Reputation: 75
I have read quite a few articles on bucketing in Spark but haven't still been able to get a clear picture of it. But moreover what i have understood till now is that "Bucketing is like partition inside a partition, and it is used for the candidates having very high cardinality which helps in avoiding reshuffling operation".
Even in Spark documentation, can't find enough explanation. Pasting an example from the documentation
peopleDF.write.bucketBy(42, "name").sortBy("age").saveAsTable("people_bucketed")
Unable to understand here, how the number '42' is decided for bucketing. Kindly help to understand the same. Also, any clearer explanation on bucketing would also be great.
Upvotes: 6
Views: 2569
Reputation: 18053
42 is just like what is the meaning of life? An example therefore.
Spark Bucketing is handy for ETL in Spark whereby Spark Job A writes out the data for t1 according to Bucketing def and Spark Job B writes out data for t2 likewise and Spark Job C joins t1 and t2 using Bucketing definitions avoiding shuffles aka exchanges. Optimization.

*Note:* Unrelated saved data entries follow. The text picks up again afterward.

(* At an initial ordinal [v], the pairs below any pair [p] fit into a square [m' * m'] with
   [m' < v], which is smaller than [v]; so the collapse of the Goedel order stays below [v]. *)
Lemma initial_seg_square_injects v : infinite (seg v) ->
  ~ (exists u, lt u v /\ injects (seg v) (seg u)) ->
  (forall u, lt u v -> infinite (seg u) -> injects (prod_pred (seg u) (seg u)) (seg u)) ->
  injects (prod_pred (seg v) (seg v)) (seg v).
Proof.
  intros HI Hcard IH.
  assert (Hlim := seg_limit_of_initial v HI Hcard).
  assert (Ht0 : exists t0, lt t0 v) by (destruct HI as [e [He _]]; exists (e 0); apply He; auto).
  destruct Ht0 as [t0 Ht0].
  pose (pairs := prod_pred (seg v) (seg v)).
  pose (R := fun q p => godel_lt q p /\ pairs q).
  assert (R_wf : well_founded R).
  { intros a. induction a as [a IH'] using (well_founded_induction godel_wf).
    constructor. intros y [Hy _]. auto. }
  assert (R_trans : forall a b c, R a b -> R b c -> R a c).
  { intros a b c [H1 H2] [H3 _]. split; eauto using godel_trans. }
  apply (collapse_injects _ R R_wf t0 R_trans pairs v).
  - intros p q Hp Hq Hne. destruct (godel_total p q Hne); [left | right]; split; auto.
  - intros p Hp. apply NNPP. intros Hn.
    assert (Hall : forall o, lt o v -> taken_below _ R R_wf t0 p o).
    { intros o Ho. apply NNPP. intros h. apply Hn. eauto. }
    assert (Hm : lt (pair_max p) v) by (apply tmax_lt; apply Hp).
    destruct (Hlim _ Hm) as [m' [Hmm' Hm'v]].
    assert (Hin : injects (seg v) (prod_pred (seg m') (seg m'))).
    { apply (injects_subr _ (fun q => R q p)).
      - intros q [Hg _]. destruct (godel_lt_bound q p Hg) as [b1 b2].
        split; eapply wo_le_lt_trans; eauto.
      - apply (injects_of_surj _ (seg v) (collapse _ R R_wf t0)).
        + destruct (Hall t0 Ht0) as [q [Hq _]]. eauto.
        + intros o Ho. destruct (Hall o Ho) as [q [Hq E]]. eauto. }
    destruct (classic (infinite (seg m'))) as [Hi|Hi].
    + apply Hcard. exists m'. split; auto. exact (injects_trans _ _ _ Hin (IH m' Hm'v Hi)).
    + exact (finite_square (seg m') m' (fun x h => h) Hi (infinite_injects _ _ HI Hin)).
Qed.

Lemma seg_square_injects v : infinite (seg v) -> injects (prod_pred (seg v) (seg v)) (seg v).
Proof.
  induction v as [v IH] using (well_founded_induction wo_wf). intros HI.
  destruct (classic (exists u, lt u v /\ injects (seg v) (seg u))) as [[u [Huv Hvu]]|Hcard].
  - apply (injects_trans _ _ _ (injects_prod _ _ _ _ Hvu Hvu)).
    apply (injects_trans _ (seg u)); [exact (IH u Huv (infinite_injects _ _ HI Hvu))|].
    apply injects_incl. intros x hx. exact (wo_trans _ _ _ hx Huv).
  - exact (initial_seg_square_injects v HI Hcard IH).
Qed.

There is no general formula. It depends on volumes, available executors, etc. The main point is avoiding shuffling. As a guideline defaults for JOINing and AGGr are set to 200, so 200 or greater could be an approach, but again how many resources do you have on your cluster?
But to satisfy your quest for knowledge one could argue that the 42 should really be set to number of Executors (= 1 core) you have allocated to the Spark Job/ App, leaving aside the issue of skewness.
Upvotes: 1